━━ Input ━━

(* Fractional Hall (supply-demand) theorem.  Each source x : A has m ports; port
   (x, i) leads to the target tgt x i. *)
Section FractionalHall.
Variables (R : realFieldType) (A : finType) (B : eqType) (m : nat) (tgt : A -> 'I_m -> B).

Definition targets : seq B := undup [seq tgt p.1 p.2 | p <- enum [set: A * 'I_m]].

Definition adjacent (D : {set A * 'I_m}) (F : {set A}) (y : B) : bool :=
  [exists p in D, (p.1 \in F) && (tgt p.1 p.2 == y)].

Definition reach_cap (D : {set A * 'I_m}) (c : B -> R) (F : {set A}) : R :=
  \sum_(y <- targets | adjacent D F y) c y.

Definition slack (D : {set A * 'I_m}) (a : A -> R) (c : B -> R) (F : {set A}) : R :=
  reach_cap D c F - \sum_(x in F) a x.

Definition hall_condition (D : {set A * 'I_m}) (a : A -> R) (c : B -> R) : Prop :=
  forall F : {set A}, \sum_(x in F) a x <= reach_cap D c F.

Definition inflow (f : A -> 'I_m -> R) (y : B) : R := \sum_x \sum_(i | tgt x i == y) f x i.

Definition feasible (D : {set A * 'I_m}) (a : A -> R) (c : B -> R) (f : A -> 'I_m -> R) :=
  [/\ forall x i, 0 <= f x i, forall x i, (x, i) \notin D -> f x i = 0,
      forall x, \sum_i f x i = a x & forall y, inflow f y <= c y].

Lemma targets_uniq : uniq targets. Proof. exact: undup_uniq. Qed.

Lemma mem_targets x i : tgt x i \in targets.
Proof. by rewrite mem_undup; apply/mapP; exists (x, i); rewrite ?mem_enum ?inE. Qed.

Lemma adjacent_port (D : {set A * 'I_m}) (F : {set A}) x i :
  (x, i) \in D -> x \in F -> adjacent D F (tgt x i).
Proof. by move=> xiD xF; apply/existsP; exists (x, i); rewrite xiD xF eqxx. Qed.

Lemma adjacent_sub (D : {set A * 'I_m}) (F F' : {set A}) y :
  F \subset F' -> adjacent D F y -> adjacent D F' y.
Proof.
move=> /subsetP sFF' /existsP [p /and3P [pD pF py]].
by apply/existsP; exists p; rewrite pD sFF'.
Qed.

Lemma inflowD f g y : inflow (fun x i => f x i + g x i) y = inflow f y + inflow g y.
Proof. by rewrite /inflow -big_split; apply: eq_bigr => x _; rewrite big_split. Qed.

Lemma inflow_ge0 f y : (forall x i, 0 <= f x i) -> 0 <= inflow f y.
Proof. by move=> f_ge0; apply: sumr_ge0 => x _; apply: sumr_ge0. Qed.

Definition port_flow (x0 : A) (i0 : 'I_m) (t : R) (x : A) (i : 'I_m) : R :=
  if (x == x0) && (i == i0) then t else 0.

Lemma inflow_port_flow x0 i0 t y :
  inflow (port_flow x0 i0 t) y = t * (y == tgt x0 i0)%:R.
Proof.
rewrite /inflow (bigD1 x0) //= [X in _ + X]big1 ?addr0; last first.
  by move=> x /negbTE xx0; rewrite big1 // => i _; rewrite /port_flow xx0.
rewrite big_mkcond (bigD1 i0) //= [X in _ + X]big1 ?addr0.
  by rewrite /port_flow !eqxx eq_sym; case: eqP; rewrite ?mulr1 ?mulr0.
by move=> i /negbTE ii0; rewrite /port_flow ii0 andbF; case: ifP.
Qed.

━━━

(Brief): Where a line in the entries holds "forall", copy that line.

(Response to this exercise):
  forall F : {set A}, \sum_(x in F) a x <= reach_cap D c F.
  [/\ forall x i, 0 <= f x i, forall x i, (x, i) \notin D -> f x i = 0,
      forall x, \sum_i f x i = a x & forall y, inflow f y <= c y].
Lemma inflow_ge0 f y : (forall x i, 0 <= f x i) -> 0 <= inflow f y.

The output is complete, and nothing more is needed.